PROMPT:
I need the lines below from the one with "Definition Betw (F" down to the one with "(init_hull K A, K" reproduced exactly, both ends included, and nothing else.
-- Opening Marker --
(* Let $H$ be a complex Hilbert space and let $f(z)=\sum_{n=0}^{\infty}a_nz^n$ be a power series with complex coefficients, convergent on the open disk $D(0,R)\subset\mathbb{C}$, $R>0$, and let $f_a(z):=\sum_{n=0}^{\infty}|a_n|z^n$. Let $A,B\in B(H)$ commute and satisfy $\|A\|^2<R$, $\|B\|^2<R$. Then both of the following chains of inequalities hold: \[ r\left[f(AB)\right]\leq \frac12 f_a(\|AB\|)+\frac12 f_a\left(\|A\|^{1/2}\|B\|^{1/2}\|AB\|^{1/2}\right) \leq \frac12 f_a(\|AB\|)+\frac12 f_a^{1/2}(\|A\|\|B\|)f_a^{1/2}(\|AB\|), \] and \[ r\left[f(AB)\right]\leq \frac12 f_a(\|AB\|)+\frac12\min\left\{f_a\left(\|A\|\|B^2\|^{1/2}\right),\ f_a\left(\|A^2\|^{1/2}\|B\|\right)\right\} \] \[ \leq \frac12 f_a(\|AB\|)+\frac12\min\left\{f_a^{1/2}(\|A\|^2)f_a^{1/2}(\|B^2\|),\ f_a^{1/2}(\|A^2\|)f_a^{1/2}(\|B\|^2)\right\}. \]
   Context: $B(H)$ denotes the algebra of bounded linear operators on $H$, $\|\cdot\|$ the operator norm, and $r(T)$ the spectral radius of $T$. For an operator $T$ with $\|T\|<R$, $f(T):=\sum_{n=0}^\infty a_nT^n$. *)

From HB Require Import structures.
From mathcomp Require Import all_boot all_order all_algebra.
From mathcomp Require Import all_classical all_reals all_analysis.
From mathcomp Require Import complex.
Export Order.TTheory GRing.Theory Num.Theory.
Export numFieldNormedType.Exports.

Set Implicit Arguments.
Unset Strict Implicit.
Unset Printing Implicit Defensive.

Local Open Scope ring_scope.
Local Open Scope classical_set_scope.

(* The field of complex numbers, seen as a numClosedFieldType (this makes the
   canonical topology / normed structure of numFieldNormedType available). *)
Definition C (R : realType) : numClosedFieldType := R[i].

(* The (real) norm of a vector of a normed space over C = R[i]; the
   library norm `|x| is valued in R[i] (a nonnegative real complex number),
   we take its real part. *)
Definition rnorm {R : realType} {V : normedModType (C R)} (x : V) : R :=
  complex.Re `|x|.

Definition cmod {R : realType} (z : C R) : R := complex.Re `|z|.

(* (ip) is an inner product on H inducing the norm of H: together with the
   completeness of H, this makes H a complex Hilbert space. *)
Definition is_inner_product {R : realType} {H : completeNormedModType (C R)}
  (ip : H -> H -> C R) : Prop :=
  [/\ (forall x y z, ip (x + y) z = ip x z + ip y z),
      (forall (c : C R) x y, ip (c *: x) y = c * ip x y),
      (forall x y, ip y x = (ip x y)^*) &
      (forall x, ip x x = `|x| ^+ 2)].

Definition bounded_op {R : realType} {H : completeNormedModType (C R)}
  (T : H -> H) : Prop :=
  [/\ (forall x y, T (x + y) = T x + T y),
      (forall (c : C R) x, T (c *: x) = c *: T x) &
      exists M : R, forall x, rnorm (T x) <= M * rnorm x].

Definition opnorm {R : realType} {H : completeNormedModType (C R)}
  (T : H -> H) : R :=
  sup [set rnorm (T x) | x in [set x : H | rnorm x <= 1]].

Definition spectrum {R : realType} {H : completeNormedModType (C R)}
  (T : H -> H) : set (C R) :=
  [set l | ~ exists S : H -> H,
      [/\ bounded_op S,
          (forall x, S (T x - l *: x) = x) &
          (forall x, T (S x) - l *: S x = x)]].

Definition spec_radius {R : realType} {H : completeNormedModType (C R)}
  (T : H -> H) : R :=
  sup [set cmod l | l in spectrum T].

(* f(T) = sum_n a_n T^n (the series converges in operator norm when
   ||T|| < R; we define the operator through the pointwise limit). *)
Definition op_series {R : realType} {H : completeNormedModType (C R)}
  (a : nat -> C R) (T : H -> H) : H -> H :=
  fun x => limn (series (fun n => a n *: iter n T x)).

Definition abs_series {R : realType} (a : nat -> C R) (t : R) : R :=
  limn (series (fun n => cmod (a n) * t ^+ n)).

From HB Require Import structures.
From mathcomp Require Import all_boot all_order all_algebra.
From mathcomp Require Import all_classical all_reals all_analysis.
From mathcomp Require Import complex.
From mathcomp Require Import ring lra.
Import Order.TTheory GRing.Theory Num.Theory.
Import numFieldNormedType.Exports.
Local Open Scope complex_scope.
Local Open Scope ring_scope.
Local Open Scope classical_set_scope.

(* If the powers of P satisfy |P^j x| <= c t^j |x|, the norm
   |x|_t := sup_j |P^j x| / t^j is equivalent to the original one and gives
   |f(P)|_t <= f_a(t), so the Neumann series puts the spectrum of f(P) in the
   disk of radius f_a(t).  As f_a is convex, hence right continuous, this yields
   r(f(P)) <= f_a(s) as soon as such bounds hold for every t > s.  For P = AB
   they hold with s = |AB|, and, since (AB)^j = A^j B^j and |B^2j| <= |B^2|^j,
   also with s = |A| |B^2|^(1/2) and with s = |A^2|^(1/2) |B|.  The remaining
   inequalities follow from the monotonicity of f_a,
   |AB| <= |A|^(1/2) |B|^(1/2) |AB|^(1/2) <= |A| |B|, and the Cauchy-Schwarz
   inequality f_a(uv)^2 <= f_a(u^2) f_a(v^2). *)

Lemma complex_ge0E {R : realType} (w : C R) : 0 <= w -> w = (complex.Re w)%:C.
Proof. by move=> w0; rewrite [LHS]complexE (ger0_Im w0) mulr0 addr0. Qed.

Section ComplexModulus.
Context {R : realType}.
Implicit Types (z w : C R) (r : R).

Lemma cmodE z : `|z| = (cmod z)%:C.
Proof. exact: complex_ge0E. Qed.

Lemma cmod_ge0 z : 0 <= cmod z.
Proof. by rewrite -ler0c -cmodE. Qed.

Lemma cmodM z w : cmod (z * w) = cmod z * cmod w.
Proof. by apply: complexI; rewrite -cmodE normrM !cmodE -rmorphM. Qed.

Lemma cmod_real r : 0 <= r -> cmod (r%:C : C R) = r.
Proof. by move=> r0; apply: complexI; rewrite -cmodE ger0_norm // ler0c. Qed.

Lemma cmodV z : cmod z^-1 = (cmod z)^-1.
Proof. by apply: complexI; rewrite -cmodE normfV cmodE fmorphV. Qed.

Lemma cmodX z n : cmod (z ^+ n) = cmod z ^+ n.
Proof. by elim: n => [|n IH]; rewrite ?expr0 ?cmod_real // !exprS cmodM IH. Qed.

Lemma cvg_series_cmod_bounded (u : nat -> C R) :
  cvgn (series u) -> exists M : R, forall n, cmod (u n) <= M.
Proof.
move=> /cvg_series_cvg_0 /cvgP /cvg_seq_bounded [M [Mreal hM]].
have M1_ge0 : 0 <= `|M| + 1 by rewrite addr_ge0.
exists (complex.Re (`|M| + 1)) => n.
have M_lt : M < `|M| + 1 by rewrite (le_lt_trans (real_ler_norm Mreal)) ?ltrDl.
by have := hM _ M_lt n I; rewrite /= (complex_ge0E _ M1_ge0) cmodE lecR.
Qed.

End ComplexModulus.

Lemma cvg_series_lincomb {R : realType} {f g : nat -> R} (k l : R) :
  cvgn (series f) -> cvgn (series g) ->
  series (fun n => k * f n + l * g n) @ \oo --> k * limn (series f) + l * limn (series g).
Proof.
move=> cf cg; have -> : series (fun n => k * f n + l * g n) =
    (fun n => k * series f n + l * series g n).
  by apply: funext => n; rewrite /series /= big_split /= !mulr_sumr.
by apply: cvgD; apply: cvgM; [exact: cvg_cst | exact: cf | exact: cvg_cst | exact: cg].
Qed.
(* Let $F|R$ be an extension of ordered fields with canonical valuation $v$, and let $D<E$ be non-empty subsets of $R$. Assume that either $(D,E)$ is a non-ball cut in $R$ with $\mathrm{Betw}_F(D,E)\neq\emptyset$, or $(D,E)$ is a ball complement in $R$. Then $\mathrm{Betw}_F(D,E)=B_S(a,F)$ for each $a\in\mathrm{Betw}_F(D,E)$, where $S$ is the largest final segment of $vF$ disjoint from $v(E-D)$ (equivalently, the largest subset $S$ of $vF$ with $S>v(E-D)$).
   Context: The canonical valuation $v$ of an ordered field has as valuation ring the convex hull of $\mathbb Z$. $\mathrm{Betw}_F(D,E)=\{c\in F\mid D<c<E\}$ and $v(E-D)=\{v(e-d)\mid e\in E,d\in D\}$. For an ordered field $K$, $a\in K$ and a final segment $S$ of $vK$ (possibly empty), $B_S(a,K)=\{b\in K\mid v(a-b)\in S\cup\{\infty\}\}$ is a ball. A ball complement of a ball $B$ of $R$ is a pair $(D,E)$ with $D<B<E$ and $D\cup B\cup E=R$. A cut of $R$ is a pair $(D,E)$ with $D<E$ and $D\cup E=R$; for nonempty $A\subseteq R$, $A^+=(D,R\setminus D)$ with $D$ the smallest initial segment containing $A$, and $A^-=(R\setminus E,E)$ with $E$ the smallest final segment containing $A$; a cut is a ball cut if it is $B^+$ or $B^-$ for some ball $B$, and a non-ball cut otherwise. *)

From HB Require Import structures.
From mathcomp Require Import all_boot all_order all_algebra.
From mathcomp Require Import boolp classical_sets.
Set Implicit Arguments. Unset Strict Implicit. Unset Printing Implicit Defensive.
Import Order.TTheory GRing.Theory Num.Theory.
Local Open Scope ring_scope.
Local Open Scope classical_set_scope.

(* Ordered fields are modelled as [realFieldType]s.  An extension F|R of
   ordered fields is modelled as a subfield R (a subset) of F, with the
   induced order. *)
Definition subfield (F : realFieldType) (R : set F) : Prop :=
  [/\ R 0, R 1,
      (forall x y, R x -> R y -> R (x - y)),
      (forall x y, R x -> R y -> R (x * y)) &
      (forall x, R x -> R x^-1)].

(* Valuation ring of the canonical valuation: the convex hull of Z. *)
Definition vring (F : realFieldType) : set F :=
  [set z | exists m n : int, (m%:~R <= z) && (z <= n%:~R)].

(* vle x y  <->  v x <= v y  (with v 0 = infinity), i.e. y lies in x * O. *)
Definition vle (F : realFieldType) (x y : F) : Prop :=
  exists2 z, vring z & y = z * x.

(* Subsets of the value group vK of a subfield K are represented by the
   set of nonzero elements of K whose value lies in the subset.
   final_seg K S : S represents a final segment of vK. *)
Definition final_seg (F : realFieldType) (K S : set F) : Prop :=
  (forall x, S x -> K x /\ x != 0) /\
  (forall x y, S x -> K y -> y != 0 -> vle x y -> S y).

(* B_S(a,K) = {b in K | v(a - b) in S u {infinity}} *)
Definition vball (F : realFieldType) (K S : set F) (a : F) : set F :=
  [set b | K b /\ (b = a \/ S (a - b))].

Definition is_ball (F : realFieldType) (K B : set F) : Prop :=
  exists a S, [/\ K a, final_seg K S & B = vball K S a].

Definition setlt (F : realFieldType) (A B : set F) : Prop :=
  forall x y, A x -> B y -> x < y.

Definition Betw (F : realFieldType) (K D E : set F) : set F :=
  [set c | K c /\ (forall d, D d -> d < c) /\ (forall e, E e -> c < e)].

Definition ball_complement (F : realFieldType) (K D E : set F) : Prop :=
  exists B, [/\ is_ball K B, setlt D B, setlt B E & D `|` B `|` E = K].

Definition is_cut (F : realFieldType) (K D E : set F) : Prop :=
  D `<=` K /\ E `<=` K /\ setlt D E /\ D `|` E = K.

Definition init_hull (F : realFieldType) (K A : set F) : set F :=
  [set y | K y /\ exists2 x, A x & y <= x].
Definition final_hull (F : realFieldType) (K A : set F) : set F :=
  [set y | K y /\ exists2 x, A x & x <= y].

Definition cut_plus (F : realFieldType) (K A : set F) : set F * set F :=
  (init_hull K A, K `\` init_hull K A).
Definition cut_minus (F : realFieldType) (K A : set F) : set F * set F :=
  (K `\` final_hull K A, final_hull K A).

Definition ball_cut (F : realFieldType) (K D E : set F) : Prop :=
  exists B, is_ball K B /\ ((D, E) = cut_plus K B \/ (D, E) = cut_minus K B).

Definition disj_vdiff (F : realFieldType) (S D E : set F) : Prop :=
  forall d e, D d -> E e -> ~ S (e - d).

From mathcomp Require Import all_boot all_order all_algebra.
From mathcomp Require Import boolp classical_sets.
From mathcomp Require Import ring lra.
Set Implicit Arguments. Unset Strict Implicit. Unset Printing Implicit Defensive.
Import Order.TTheory GRing.Theory Num.Theory.
Local Open Scope ring_scope.
Local Open Scope classical_set_scope.

(* Three facts make [Betw_F(D,E)] the ball
   [B_S(a,F)]: every gap [e - d] dominates, up to any integer factor, some
   smaller gap (so a [b] between [D] and [E] has [v(a - b)] above all of
   [v(E - D)]); and each of [a - d], [e - a] is dominated by some gap (so a [b]
   that close to [a] crosses neither [D] nor [E]).  For a non-ball cut the first
   comes from subdividing [[d, e]] by points of [R], the others because
   otherwise [D] (resp. [E]) would be the hull of the ball of radius
   [v(a - d)] around [d] (resp. [v(e - a)] around [e]).  For a ball complement
   with centre [c] all three follow from [c - x] lying in [D] and [c + x] in
   [E] whenever [v x] is below the radius segment of the ball. *)

Section Valuation.
Variable F : realFieldType.
Implicit Types x y z : F.

Lemma vleP x y : vle x y <-> exists n : nat, `|y| <= n%:R * `|x|.
Proof.
split.
- case=> z [m [k /andP[hm hk]]] ->.
  exists (`|m| + `|k|)%N; rewrite normrM ler_wpM2r // natrD !natr_absz !intr_norm.
  have := ler_norm (k%:~R : F); have := ler_norm (- m%:~R : F).
  have := normr_ge0 (m%:~R : F); have := normr_ge0 (k%:~R : F).
  rewrite normrN ler_norml; lra.
- case=> n; have [->|x0] := eqVneq x 0.
    rewrite normr0 mulr0 normr_le0 => /eqP ->.
    by exists 0; [exists 0%Z, 0%Z; rewrite lexx | rewrite mulr0].
  move=> hn; exists (y / x); last by rewrite divfK.
  exists (- n%:Z)%Z, n%:Z.
  have : `|y / x| <= n%:R by rewrite normrM normfV ler_pdivrMr ?normr_gt0.
  by rewrite intrN !pmulrn ler_norml.
Qed.

Lemma vle_trans x y z : vle x y -> vle y z -> vle x z.
Proof.
move=> /vleP[n hn] /vleP[m hm]; apply/vleP; exists (m * n)%N.
by rewrite natrM -mulrA; apply: (le_trans hm); rewrite ler_wpM2l.
Qed.

Lemma vle_divn x (k : nat) : (0 < k)%N -> vle (x / k%:R) x.
Proof.
move=> k0; apply/vleP; exists k.
have kp : 0 < k%:R :> F by rewrite ltr0n.
by rewrite normrM normfV (gtr0_norm kp) mulrCA divff ?mulr1 ?gt_eqF.
Qed.

End Valuation.

(* [dominates_gap D E x] for [0 <= x] says [v x <= v (e - d)] for some [d] in
   [D] and [e] in [E]. *)
Definition dominates_gap (F : realFieldType) (D E : set F) (x : F) : Prop :=
  exists d e (n : nat), [/\ D d, E e & e - d <= n%:R * x].

Definition gaps_shrink (F : realFieldType) (D E : set F) : Prop :=
  forall d e (n : nat), D d -> E e ->
  exists d' e', [/\ D d', E e' & n%:R * (e' - d') <= e - d].

Section MaximalSegment.
Variables (F : realFieldType) (D E S : set F).
Hypotheses (ltDE : setlt D E) (segS : final_seg setT S) (disjS : disj_vdiff S D E).
Hypothesis maxS :
  forall S' : set F, final_seg setT S' -> disj_vdiff S' D E -> S' `<=` S.

Lemma max_disj_final_segP x : S x <-> x != 0 /\ ~ dominates_gap D E `|x|.
Proof.
have [S_nz Sup] := segS; split.
- move=> Sx; split; first by case: (S_nz x Sx).
  move=> [d [e [n [Dd Ee hle]]]]; have lt_de := ltDE Dd Ee.
  apply: (disjS Dd Ee); apply: (Sup x) => //; first by rewrite subr_eq0 gt_eqF.
  by apply/vleP; exists n; rewrite ger0_norm // subr_ge0 ltW.
- apply: (maxS (S' := [set y | y != 0 /\ ~ dominates_gap D E `|y|])).
  + split; first by move=> y [].
    move=> y z [y0 hy] _ z0 /vleP[m hm]; split => // -[d [e [n [Dd Ee hle]]]].
    apply: hy; exists d, e, (n * m)%N; split => //.
    by rewrite natrM -mulrA (le_trans hle) // ler_wpM2l.
  + move=> d e Dd Ee [_]; apply; exists d, e, 1%N; split => //.
    by rewrite mul1r ler_norm.
Qed.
-- Closing Marker --
RESULT:
Definition Betw (F : realFieldType) (K D E : set F) : set F :=
  [set c | K c /\ (forall d, D d -> d < c) /\ (forall e, E e -> c < e)].

Definition ball_complement (F : realFieldType) (K D E : set F) : Prop :=
  exists B, [/\ is_ball K B, setlt D B, setlt B E & D `|` B `|` E = K].

Definition is_cut (F : realFieldType) (K D E : set F) : Prop :=
  D `<=` K /\ E `<=` K /\ setlt D E /\ D `|` E = K.

Definition init_hull (F : realFieldType) (K A : set F) : set F :=
  [set y | K y /\ exists2 x, A x & y <= x].
Definition final_hull (F : realFieldType) (K A : set F) : set F :=
  [set y | K y /\ exists2 x, A x & x <= y].

Definition cut_plus (F : realFieldType) (K A : set F) : set F * set F :=
  (init_hull K A, K `\` init_hull K A).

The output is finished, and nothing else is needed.